Serummarker zur Diagnose einer PcP ohne direkten Errreger-Nachweis?

Kann eine Pneumocystis-jirovecii (früher P.carinii)-Pneumonie ohne direkten Erregernachweis diagnostikziert werden?

Bisher war zur Diagnosestellung einer Pneumocystis-Pneumonie (PCP) ein direkter Erregernachweis aus induziertem Sputum, einer broncho-alveolären Lavage (BAL) oder aber bioptisch entnommenem Lungengewebe notwendig. Eine Kultivierung des Erregers ist nicht möglich. Eine kürzlich im "Chest" publizierte Studie untersuchte nun die Sensitivität und Spezifität verschiedener Serummarker (LDH, CrP, KL-6, β-D-Glucan), die eine PCP-Diagnose ohne Erregernachweis ermöglichen könnten.

Eine Korrelation zwischen erhöhter LDH und einer PCP war bereits früher bekannt, wobei auch viele andere (pulmonale) Erkrankungen mit einer Erhöhung der LDL einhergehen. Das CrP ist bekannterweise ein (unspezifischer) Indikator für einen entzündlichen Prozess. Beim Molekül KL-6 handelt es sich um ein Zellmembranprotein des Bronchialepithels, und β-D-Glucan ist ein Zellwandbestandteil vieler (pathogener) Pilze. Die hier zusammengefasste Studie aus Japan untersuchte nun den diagnostischen Wert dieser Parameter, um eine PCP allenfalls ohne Erregernachweis diagnostizieren zu können.

Insgesamt wurden die Daten von 295 Patienten, bei denen aufgrund eines PCP-Verdachtes eine BAL durchgeführt worden war einbezogen. Bei 57 dieser Patienten war mittels Erregernachweis die Diagnose PCP gestellt worden.  Die anderen Patienten litten u.a. an idiopathischen interstitiellen Pneumonien oder einer interstitiellen Pneumopathie im Rahmen einer Kollagenose.

Erwartungsgemäss zeigten die CrP-Werte der PCP-Positiven keinen signifikanten Unterschied im Vergleich zu den PCP-Negativen, da das CrP ein sehr unspezifischer Entzündungsparameter ist. Die anderen drei Marker waren bei den PCP-Patienten signifikant erhöht. Die eindeutig besten Resultate lieferte hierbei das β-D-Glucan. Die nebenstehende ROC-Kurve zeigt, dass die Fläche unter der blauen Kurve (β-D-Glucan) am grössten ist. Die beste diagnostische Präzision wurde bei einem cut-off-Wert von 31.1pg/ml erreich (dort wo die blaue Kurve von vertial nach horizontal umschlägt).

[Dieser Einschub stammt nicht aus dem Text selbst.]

Lemma quasi_regular_updown_rmul e :
  quasi_regular_updown 0 e <-> quasi_regular_updown 0 (S e).
Proof.
  apply quasi_regular_in_homeo
    with (alpha := fun x => bmul x gen_q) (beta := fun x => bmul x gen_p);
    auto using continuous_rmul.
  - intros [c [|f]] Hz; [exfalso; updown_arith |].
    split; [updown_arith | now bicyclic_simpl].
  - intros [c f] Hy. split; [updown_arith | now bicyclic_simpl].
  - rewrite updown_iff; lia.
  - now bicyclic_simpl.
Qed.

Lemma quasi_regular_updown_add a b k :
  quasi_regular_updown a b <-> quasi_regular_updown (a + k) (b + k).
Proof.
  induction k as [| k IHk].
  - rewrite !Nat.add_0_r. reflexivity.
  - rewrite !Nat.add_succ_r, <- quasi_regular_updown_succ. exact IHk.
Qed.

Lemma quasi_regular_updown_lmul_one d :
  quasi_regular_updown d 0 <-> quasi_regular_updown 0 0.
Proof.
  induction d as [| d IHd]; [reflexivity |].
  rewrite <- quasi_regular_updown_lmul. exact IHd.
Qed.

Lemma quasi_regular_updown_rmul_one e :
  quasi_regular_updown 0 e <-> quasi_regular_updown 0 0.
Proof.
  induction e as [| e IHe]; [reflexivity |].
  rewrite <- quasi_regular_updown_rmul. exact IHe.
Qed.

Lemma quasi_regular_updown_one m n :
  quasi_regular_updown m n <-> quasi_regular_updown 0 0.
Proof.
  transitivity (quasi_regular_updown (m - n) (n - m)).
  - rewrite (quasi_regular_updown_add (m - n) (n - m) (Nat.min m n)).
    replace (m - n + Nat.min m n) with m by lia.
    replace (n - m + Nat.min m n) with n by lia.
    reflexivity.
  - destruct (Nat.le_ge_cases m n).
    + replace (m - n) with 0 by lia. apply quasi_regular_updown_rmul_one.
    + replace (n - m) with 0 by lia. apply quasi_regular_updown_lmul_one.
Qed.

Hier lag die Sensitivität bei 92.3% und die Spezifität bei 86.1%. Die Patienten, welche in dieser Studie einen β-D-Glucan-Wert über 31pg/ml und keine PCP hatten, litten zumeist unter anderen pulmonalen Mykosen (z.B. Aspergillose). In diesem Zusammenhang möchten wir daran erinnern, dass auch P. jrovicii eigentlich ein Pilz ist (Edman, Nature 1988).

Die LDH erreichte bei einem cut-off von 268IU/l eine Sensitivität von 86% und eine Spezifität von 45.3%. Es zeigte sich jedoch, dass eine Erhöhung der LDH sehr gut mit einem gestörten Gasaustausches korreliert, womit die LDH ein Marker für das Ausmass der Organschädigung ist. Das KL-6 hatte eine deutlich schlechtere ROC-Kurve. Dies kann damit begründet werden, dass KL-6 ein sehr sensitiver Marker für eine interstitielle Lungenerkrankung ist und somit auch bei PCP-negativen oft erhöht ist.

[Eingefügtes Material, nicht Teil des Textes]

Lemma type3_2_interior_color I Z : I \in Boo X0 Y0 -> c Z = c I -> Z \in Boo X0 Y0.
Proof.
have [_ _ _ _ [_ d13 _ d23 [_ d34]]] := md; have Y0F2 : Y0 \in F2 by rewrite !inE eqxx.
move=> II cZ; case: (type3_2_cases Z) => [[E|E] | // | ZF | [_ [ZF | [[A AF e] | [A AF e]]]]];
  exfalso.
- by apply: (d34 _ _ II (set11 X0)); rewrite -cZ E.
- by apply: (d23 _ _ Y0F2 II); rewrite -cZ E.
- by apply: (d13 _ _ ZF II).
- by apply: (d23 _ _ ZF II).
- by apply: (d13 _ _ AF II); rewrite -e.
- by apply: (d23 _ _ AF II); rewrite -e.
Qed.

Lemma type3_2_Y0_color Z : c Z = c Y0 -> X0 \subset Z -> Z = Y0.
Proof.
have [_ _ _ _ [d12 _ _ d23 [d24 _]]] := md; have Y0F2 : Y0 \in F2 by rewrite !inE eqxx.
move=> cZ XZ; case: (type3_2_cases Z) => [[E | //] | ZI | ZF | [nXZ _]]; exfalso.
- by apply: (d24 _ _ Y0F2 (set11 X0)); rewrite -cZ E.
- by apply: (d23 _ _ Y0F2 ZI); rewrite -cZ.
- by apply: (d12 _ _ ZF Y0F2).
- by rewrite XZ in nXZ.
Qed.

Lemma type3_2_between_color Z : X0 \subset Z -> Z \subset Y0 -> c Z <> c setT.
Proof.
have [_ _ _ _ [d12 d13 d14 _ _]] := md; have Y0F2 : Y0 \in F2 by rewrite !inE eqxx.
have TF1 : setT \in F1 by case: params => _ _ Y0T _; rewrite !inE !subsetT !andbT subTset -properT.
move=> XZ ZY; apply/nesym; case: (type3_2_cases Z) => [[->|->] | ZI | ZF | [nXZ _]].
- exact: d14 TF1 (set11 X0).
- exact: d12 TF1 Y0F2.
- exact: d13 TF1 ZI.
- by move: ZF; rewrite !inE XZ ZY.
- by rewrite XZ in nXZ.
Qed.

Lemma type3_2_interior : exists I, I \in Boo X0 Y0.
Proof.
have [_ XY _ cXY] := params; have [I [XI IY]] := exists_strictly_between XY cXY.
by exists I; rewrite !inE XI IY.
Qed.

Lemma type3_2_rainbow_second_X0 W1 W2 W3 W4 : rainbow_B2 c W1 W2 W3 W4 -> W2 != X0.
Proof.
move=> rb; apply/eqP => EX; have [[h12 _ h24 h34] /andP[i23 _] u] := rb.
have [m1 m2 _ _ _] := md; have [I II] := type3_2_interior.
case: (rainbow_color_cover (c I) rb) => /(type3_2_interior_color II); rewrite inE => /andP[XW WY].
- by have := proper_trans XW h12; rewrite EX properxx.
- by move: XW; rewrite EX properxx.
- by move: i23; rewrite EX (proper_sub XW).
have XW4 := proper_sub XW.
have W1F : W1 \in F2.
  apply: type3_2_F2; first exact: proper_trans (proper_trans h12 h24) WY.
  - by rewrite -EX; apply/negP => /(proper_sub_trans h12); rewrite properxx.
  - exact: setD_nsubset XW4 WY (proper_sub (proper_trans h12 h24)).
have W3F : W3 \in F2.
  apply: type3_2_F2; first exact: proper_trans h34 WY.
  - by rewrite -EX.
  - exact: setD_nsubset XW4 WY (proper_sub h34).
by move: u; rewrite /= (m2 _ _ W1F W3F) !inE eqxx ?orbT.
Qed.

Lemma type3_2_rainbow_first_X0 W1 W2 W3 W4 : rainbow_B2 c W1 W2 W3 W4 -> W1 != X0.
Proof.
move=> rb; apply/eqP => EX; have [[h12 h13 h24 h34] _ _] := rb.
have [I II] := type3_2_interior.
have Y0_second V2 V3 : rainbow_B2 c W1 V2 V3 W4 -> V2 = Y0 -> False.
  move=> rb' E2; have [[_ _ h24' _] /andP[_ i32] _] := rb'.
  case: (rainbow_color_cover (c I) rb') => /(type3_2_interior_color II);
    rewrite inE => /andP[XW WY].
  - by move: XW; rewrite EX properxx.
  - by move: WY; rewrite E2 properxx.
  - by move: i32; rewrite E2 (proper_sub WY).
  - by have := proper_trans h24' WY; rewrite E2 properxx.
have XW2 : X0 \subset W2 by rewrite -EX proper_sub.
have XW3 : X0 \subset W3 by rewrite -EX proper_sub.
have XW4 : X0 \subset W4 by rewrite -EX (proper_sub (proper_trans h12 h24)).
case: (rainbow_color_cover (c Y0) rb) => /type3_2_Y0_color EY.
- have [_ XY _ _] := params.
  by have := EY; rewrite EX subxx => /(_ isT) YX; rewrite YX properxx in XY.
- exact: Y0_second rb (EY XW2).
- exact: Y0_second (rainbow_B2_swap rb) (EY XW3).
have W4Y : W4 \subset Y0 by rewrite (EY XW4).
case: (rainbow_color_cover (c setT) rb) => cT; apply: (type3_2_between_color _ _ cT).
- by rewrite EX subxx.
- exact: subset_trans (proper_sub (proper_trans h12 h24)) W4Y.
- exact: XW2.
- exact: subset_trans (proper_sub h24) W4Y.
- exact: XW3.
- exact: subset_trans (proper_sub h34) W4Y.
- exact: XW4.
- exact: W4Y.
Qed.

Lemma type3_2_no_rainbow : no_rainbow_B2 c.
Proof.
move=> W1 W2 W3 W4 rb; have [[h12 _ h24 h34] _ _] := rb; have [I II] := type3_2_interior.
case: (rainbow_color_cover (c X0) rb) => /type3_2_X0_color /eqP EX.
- by move: (type3_2_rainbow_first_X0 rb); rewrite EX.
- by move: (type3_2_rainbow_second_X0 rb); rewrite EX.
- by move: (type3_2_rainbow_second_X0 (rainbow_B2_swap rb)); rewrite EX.
move/eqP: EX => EX.
case: (rainbow_color_cover (c I) rb) => /(type3_2_interior_color II); rewrite inE => /andP[XW _].
- by have := proper_trans XW (proper_trans h12 h24); rewrite EX properxx.
- by have := proper_trans XW h24; rewrite EX properxx.
- by have := proper_trans XW h34; rewrite EX properxx.
- by move: XW; rewrite EX properxx.
Qed.

End Type3_2NoRainbow.

Lemma no_rainbow_of_types (T : finType) (c : {set T} -> 'I_4) :
  Type2 c \/ Type3_1 c \/ Type3_2 c \/ Type4_1 c \/ Type4_2 c -> no_rainbow_B2 c.
Proof.
have type3_2 (c' : {set T} -> 'I_4) : Type3_2 c' -> no_rainbow_B2 c'.
  by case=> X0 [Y0 [params [md rest]]]; exact: type3_2_no_rainbow params md rest.
have type4_1 (c' : {set T} -> 'I_4) : Type4_1 c' -> no_rainbow_B2 c'.
  case=> X0 [YY [[X0n0 _ YYn0 YYup] [md rest]]].
  exact: type4_1_no_rainbow X0n0 YYn0 YYup md rest.
have c_dual Z : c Z = dual c (~: Z) by rewrite dual_setC.
have from_dual : no_rainbow_B2 (dual c) -> no_rainbow_B2 c := no_rainbow_dual c_dual.
case=> [[X0 [Y0 [params [md rest]]]] | [h | [h | [h | h]]]].
- exact: type2_no_rainbow params md rest.
- exact/from_dual/type3_2/(type3_2_of_dual c_dual).
- exact: type3_2 h.
- exact: type4_1 h.
- exact/from_dual/type4_1/(type4_1_of_dual c_dual).
Qed.

Theorem lemma2p8 (n : nat) (c : {set 'I_n} -> 'I_4) :
  4 <= n ->
  exact_coloring c ->
  c set0 <> c setT ->
  (no_rainbow_B2 c <->
   Type2 c \/ Type3_1 c \/ Type3_2 c \/ Type4_1 c \/ Type4_2 c).
Proof.
by move=> _ ex ne; split; [exact: types_of_no_rainbow | exact: no_rainbow_of_types].
Qed.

Die Resultate dieser Studie sind insofern vielversprechend, da eine BAL bei Patienten mit schwer gestörtem Gasaustausch ein doch risikobehafteter Eingriff ist und insbesondere eine Kombination der oben erwähnten Parameter eine nichtinvasive Diagnosestellung einer PCP ermöglichen könnte. Bei HIV-Positiven ist der Stellenwert dieser neuen Methode insofern etwas eingeschränkt, da bei dieser Patientengruppe der Erregernachweis oft bereits aus induziertem Sputum gelingt.